Abstract
Background
Ibrutinib is an oral irreversible inhibitor of Bruton’s tyrosine kinase, indicated for the treatment of chronic lymphocytic leukaemia. The drug is generally well tolerated; however, not infrequent side effects are reported, with the major two being bleeding and ibrutinib-related atrial fibrillation. Atrial fibrillation pathogenesis in this setting is not completely clear, and no prospective studies have evaluated the impact of previous cardiologic history and baseline characteristics.
Methods
We prospectively performed cardiologic assessment in 43 CLL patients before starting ibrutinib therapy. Cardiologic workup included comorbidity collection and electrocardiographic and echocardiographic baseline evaluation.
Results
After a median observation of 8 months, seven patients developed atrial fibrillation (16.3%). Cases developing atrial fibrillation were all elderly males (p = 0.04), and mostly with a history of previous arterial hypertension (p = 0.009). Atrial fibrillation occurrence also correlated with the presence of one or more pre-existent cardiologic comorbidities (p = 0.03), with a higher atrial fibrillation risk score (calculated with comorbidities and cardiologic risk factor evaluation p < 0.001), and with higher left atrial diameter (p = 0.02) and area (p = 0.03) by echocardiography. The occurrence of atrial fibrillation was managed after an integrated cardio-oncologic evaluation: anticoagulation was started in 4 (57.1%) patients and beta-blockers or amiodarone in 5 (71.4%). One patient underwent electric cardioversion and another patient pacemaker positioning to normalise heart rate in order to continue ibrutinib.
Conclusion
Our data show that echocardiography is a highly informative and reproducible tool that should be included in pre-treatment workup for patients who are candidates for ibrutinib therapy.
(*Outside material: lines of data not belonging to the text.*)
Lemma root_neq0_sqr_neq1 z : root PC z -> z != 0 /\ z ^+ 2 != 1.
Proof.
have no_int_root (c : int) : ~~ root PC c%:~R.
  by rewrite /root horner_map intr_eq0 -rootE irreducible_poly_no_root.
move=> z_root; split; first by apply: contraTneq z_root => ->; exact: (no_int_root 0).
rewrite sqrf_eq1; apply: contraTN z_root => /orP[] /eqP->.
  exact: (no_int_root 1).
exact: (no_int_root (-1)).
Qed.

Lemma gamma_neq0 : gamma != 0. Proof. by case: (root_neq0_sqr_neq1 gamma_root). Qed.

Lemma root_gamma_inv : root PC gamma^-1.
Proof.
have PC_conj : map_poly Num.conj PC = PC.
  by rewrite -map_poly_comp; apply: eq_map_poly => x /=; rewrite rmorph_int.
rewrite invC_norm gamma_norm expr1n invr1 mul1r.
by rewrite /root -PC_conj horner_map (rootP gamma_root) rmorph0.
Qed.

Lemma gamma_neq_inv : gamma != gamma^-1.
Proof.
apply: contraNneq (proj2 (root_neq0_sqr_neq1 gamma_root)) => gamma_eq.
by rewrite expr2 {2}gamma_eq mulfV ?gamma_neq0.
Qed.

(* X^2 - delta X + 1 divides P over F, because its image under sigma is
   (X - gamma)(X - gamma^-1); so chi delta = tau + tau^-1 for a root tau of its
   image under chi. *)
Lemma embedding_delta (chi : {rmorphism F -> algC}) :
  exists2 tau, root PC tau & chi delta = tau + tau^-1.
Proof.
pose D : {poly F} := 'X^2 - delta *: 'X + 1.
have map_D (f : {rmorphism F -> algC}) : map_poly f D = 'X^2 - f delta *: 'X + 1.
  by rewrite rmorphD rmorphB /= map_polyXn map_polyZ map_polyX rmorph1.
have map_P (f : {rmorphism F -> algC}) : map_poly f (map_poly intr P) = PC.
  by rewrite -map_poly_comp; apply: eq_map_poly => x /=; rewrite rmorph_int.
have D_dvd : D %| map_poly intr P.
  have sigma_D : map_poly sigma D = \prod_(z <- [:: gamma; gamma^-1]) ('X - z%:P).
    have quad (x g h : {poly algC}) : (x - g) * (x - h) = x ^+ 2 - (g + h) * x + g * h.
      by ring.
    rewrite big_cons big_seq1 quad map_D sigma_delta -polyCM mulfV ?gamma_neq0 //.
    by rewrite -polyCD mul_polyC polyC1.
  rewrite -(dvdp_map sigma) map_P sigma_D.
  apply: uniq_roots_dvdp; last by rewrite uniq_rootsE /= inE gamma_neq_inv.
  by rewrite /= gamma_root root_gamma_inv.
have [tau tau_root] : exists tau, root (map_poly chi D) tau.
  apply/closed_rootP; rewrite map_D -addrA size_addl size_polyXn //.
  rewrite (leq_ltn_trans (size_add _ _)) // gtn_max size_poly1 andbT.
  by rewrite size_polyN (leq_ltn_trans (size_scale_leq _ _)) // size_polyX.
exists tau; first by rewrite -(map_P chi) (root_dvdp _ tau_root) ?dvdp_map.
move: tau_root; rewrite map_D /root !hornerE => /eqP tau_eq.
have tau_neq0 : tau != 0.
  by apply: contra_eq_neq tau_eq => ->; rewrite expr0n mulr0 subrr add0r oner_neq0.
apply: (mulIf tau_neq0); rewrite mulrDl mulVf //; apply/eqP.
by rewrite -subr_eq0 -oppr_eq0 -tau_eq; apply/eqP; ring.
Qed.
Electronic supplementary material
The online version of this article (10.1186/s13045-018-0626-0) contains supplementary material, which is available to authorized users.
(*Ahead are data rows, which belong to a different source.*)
Lemma is_path_drop {n m g} : is_path P (n + m) g -> is_path P m (fun t => g (n + t)%N).
Proof. by move=> gP t ltm; rewrite addnS; apply: gP; rewrite ltn_add2l. Qed.

Hypothesis P_ge0 : forall i j, 0 <= P i j.
Hypothesis P_row1 : forall i, (\esum_(j in [set: T]) (P i j)%:E = 1)%E.
Local Open Scope ereal_scope.

Lemma esum_mulP_le (f : T -> R) : (forall k, 0 <= f k)%R ->
  \esum_(b in [set: T]) \esum_(k in [set: T]) (f k * P k b)%:E <=
  \esum_(k in [set: T]) (f k)%:E.
Proof.
move=> f_ge0; rewrite esum_swap => [|k b]; last by rewrite lee_fin mulr_ge0.
apply: le_esum => k _; under eq_esum do rewrite EFinM.
by rewrite -[leRHS]mule1 -(P_row1 k); apply: esum_mull_le => [|b]; rewrite lee_fin.
Qed.

(* [Ppow] is defined through [fine], so unfolding it needs the sum to be finite. *)
Lemma EFin_PpowS_of t i : (forall k, 0 <= Ppow P t i k)%R ->
  \esum_(k in [set: T]) (Ppow P t i k)%:E <= 1 ->
  forall b, (Ppow P t.+1 i b)%:E = \esum_(k in [set: T]) (Ppow P t i k * P k b)%:E.
Proof.
move=> Ppow_ge0 row_le1 b.
have term_ge0 b' k : 0 <= (Ppow P t i k * P k b')%:E by rewrite lee_fin mulr_ge0.
have col_le1 : \esum_(k in [set: T]) (Ppow P t i k * P k b)%:E <= 1.
  apply: le_trans row_le1; apply: (le_trans _ (esum_mulP_le _ Ppow_ge0)).
  pose S b' := \esum_(k in [set: T]) (Ppow P t i k * P k b')%:E.
  by apply: (le_term_esum S) => b'; apply: esum_ge0.
by rewrite /= fineK // ge0_fin_numE ?esum_ge0 // (le_lt_trans col_le1) ?ltry.
Qed.

Lemma Ppow_ge0_esum_le1 t i : (forall k, 0 <= Ppow P t i k)%R /\
  \esum_(k in [set: T]) (Ppow P t i k)%:E <= 1.
Proof.
elim: t i => [|t IH] i.
  split=> [k /=|]; first by case: ifP.
  by rewrite (esum_supp1 _ i) /= ?eqxx // => k; rewrite eq_sym => /negPf ->.
have [Ppow_ge0 row_le1] := IH i.
have PpowSE := EFin_PpowS_of _ _ Ppow_ge0 row_le1; split.
  by move=> b; rewrite -lee_fin PpowSE esum_ge0 // => k _; rewrite lee_fin mulr_ge0.
by under eq_esum do rewrite PpowSE; apply: le_trans row_le1; exact: esum_mulP_le.
Qed.

Lemma Ppow_ge0 t i k : (0 <= Ppow P t i k)%R.
Proof. by have [->] := Ppow_ge0_esum_le1 t i. Qed.

Lemma Ppow_le1 t i k : (Ppow P t i k <= 1)%R.
Proof.
have [_ row_le1] := Ppow_ge0_esum_le1 t i.
rewrite -lee_fin (le_trans _ row_le1) //.
by apply: (le_term_esum (fun k => (Ppow P t i k)%:E)) => k'; rewrite lee_fin Ppow_ge0.
Qed.

Lemma EFin_PpowS t i b :
  (Ppow P t.+1 i b)%:E = \esum_(k in [set: T]) (Ppow P t i k * P k b)%:E.
Proof. by have [Ppow_ge0 row_le1] := Ppow_ge0_esum_le1 t i; apply: EFin_PpowS_of. Qed.

Lemma Ppow_mulP_le t i k b : (Ppow P t i k * P k b <= Ppow P t.+1 i b)%R.
Proof.
rewrite -lee_fin EFin_PpowS.
by apply: (le_term_esum (fun k => (Ppow P t i k * P k b)%:E)) => k'; rewrite lee_fin mulr_ge0 ?Ppow_ge0.
Qed.

Lemma Ppow_path_gt0 {l g} : is_path P l g ->
  forall t, (t <= l)%N -> (0 < Ppow P t (g 0%N) (g t))%R.
Proof.
move=> gP; elim=> [|t IH] ltl; first by rewrite /= eqxx ltr01.
apply: lt_le_trans (Ppow_mulP_le t (g 0%N) (g t) (g t.+1)).
by rewrite mulr_gt0 ?IH ?gP // ltnW.
Qed.

Lemma Ppow_neq0_path n i j : Ppow P n i j != 0%R ->
  exists g, [/\ is_path P n g, g 0%N = i & g n = j].
Proof.
elim: n j => [|n IH] j.
  by rewrite /=; case: (eqVneq i j) => [<- _|_]; [exists (fun=> i)|rewrite eqxx].
move=> PpowS_neq0.
have [k term_neq0] : exists k, (Ppow P n i k * P k j != 0)%R.
  apply/not_existsP => all0; move: PpowS_neq0; rewrite -eqe EFin_PpowS esum1 ?eqxx //.
  by move=> k _; apply/eqP; rewrite eqe; apply/negPn/negP/all0.
move: term_neq0; rewrite mulf_eq0 negb_or => /andP[Ppow_neq0 P_neq0].
have [g [gP g0 gn]] := IH k Ppow_neq0.
exists (fun t => if (t <= n)%N then g t else j); split; rewrite /= ?ltnn //.
move=> t ltn1; case: (ltngtP t n) => [ltn|gtn|->]; [exact: gP|lia|].
by rewrite gn lt_neqAle eq_sym P_neq0 P_ge0.
Qed.

Local Close Scope ereal_scope.

Definition etens (i k j : T) : T -> T -> T -> R[i] :=
  fun a b c => if (a == i) && (b == k) && (c == j) then 1 else 0.

Definition pointmx (i j : T) (z : R[i]) : T -> T -> R[i] :=
  fun a b => if (a == i) && (b == j) then z else 0.

Lemma compress_supp {C} {Y : set (T -> T -> R[i])} {X i j} :
  compress C Y X -> X i j != 0 -> C i /\ C j.
Proof.
move=> [A _ <-]; rewrite /ind.
by case: asboolP; case: asboolP => // _ _; rewrite ?mulr0 ?mul0r eqxx.
Qed.

Lemma compress_of_supp C (Y : set (T -> T -> R[i])) X :
  Y X -> (forall i j, X i j != 0 -> C i /\ C j) -> compress C Y X.
Proof.
move=> YX XC; exists X => //; apply: funext => i; apply: funext => j.
have [->|/XC[Ci Cj]] := eqVneq (X i j) 0; first by rewrite mulr0 mul0r.
by rewrite /ind !asboolT // mul1r mulr1.
Qed.

Lemma Arv_pointmx t i j z : Ppow P t i j != 0 -> Arv P t (pointmx i j z).
Proof.
move=> Ppow_neq0; split=> [a b|].
  by rewrite /pointmx; case: eqP => [->|//]; case: eqP => [->|//] /eqP; rewrite (negPf Ppow_neq0).
exists (csq z) => b; rewrite (esum_supp1 _ i).
- by rewrite /pointmx eqxx /=; case: eqP; rewrite lee_fin ?csq0 ?csq_ge0.
- by move=> a /negPf; rewrite /pointmx => ->; rewrite csq0.
- by rewrite lee_fin csq_ge0.
Qed.

Lemma ArvTens_etens {n m i k j} :
  patArv P n i k -> patArv P m k j -> ArvTens P n m (etens i k j).
Proof.
move=> ik kj; split=> [a b c|].
  by rewrite /etens; case: ifP => // /andP[/andP[/eqP-> /eqP->] /eqP->] [].
exists 1 => c; rewrite (esum_supp1 _ (i, k)) /=.
- rewrite /etens !eqxx /=; case: eqP => _; rewrite lee_fin ?csq0 //.
  by rewrite /csq /= expr1n expr0n addr0.
- by move=> [a b]; rewrite xpair_eqE /etens /= => /negPf ->; rewrite csq0.
- by rewrite lee_fin csq_ge0.
Qed.

Lemma Uadj_etens {n m X d i k j} : is_Uadj P n m X d ->
  patArv P n i k -> patArv P m k j -> d i k j = (U P n m (etens i k j) i j)^* * X i j.
Proof.
move=> [_ dU] ik kj; have := dU _ (ArvTens_etens ik kj) j.
rewrite /ipArv /ipTens (csum_supp1 _ i) => [|a /negPf ai]; last first.
  rewrite /U csum_eq0 ?mulr0 ?rmorph0 ?mul0r // => b.
  by rewrite /etens ai mulr0.
rewrite (csum_supp1 _ (i, k)) => [|[a b]]; last first.
  by rewrite xpair_eqE /etens /= => /negPf ->; rewrite rmorph0 mul0r.
by rewrite /etens /= !eqxx rmorph1 mul1r => ->.
Qed.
Keywords: Chronic lymphocytic leukaemia, Ibrutinib, Atrial fibrillation, Cardio-oncology
To the Editor,
Ibrutinib is an oral inhibitor of Bruton’s tyrosine kinase indicated for chronic lymphocytic leukaemia (CLL) treatment [1]. Most common side effects are bleeding and ibrutinib-related atrial fibrillation (IRAF) [2, 3]. IRAF pathogenesis is still unclear, and a direct drug effect on myocardiocyte signalling has been postulated [4]. Various real-life cohorts have been retrospectively reported, focusing on ibrutinib-related adverse event management [5, 6]. A retrospective study on a large population of CLL patients revealed an association of AF risk with older age, male sex, valvular heart disease, and hypertension [7]. However, no prospective ad hoc studies are available. We systematically analysed predictors of IRAF in 43 CLL patients treated with ibrutinib, focusing on comorbidities, electrocardiographic features (12-derivation electrocardiography (ECG), 24-h ECG monitoring in selected case), and trans-thoracic echocardiography (TTE). Framingham Heart Study and Shanafelt risk score for AF were also calculated for each patient (Additional file 1: Supplementary material) [7, 8].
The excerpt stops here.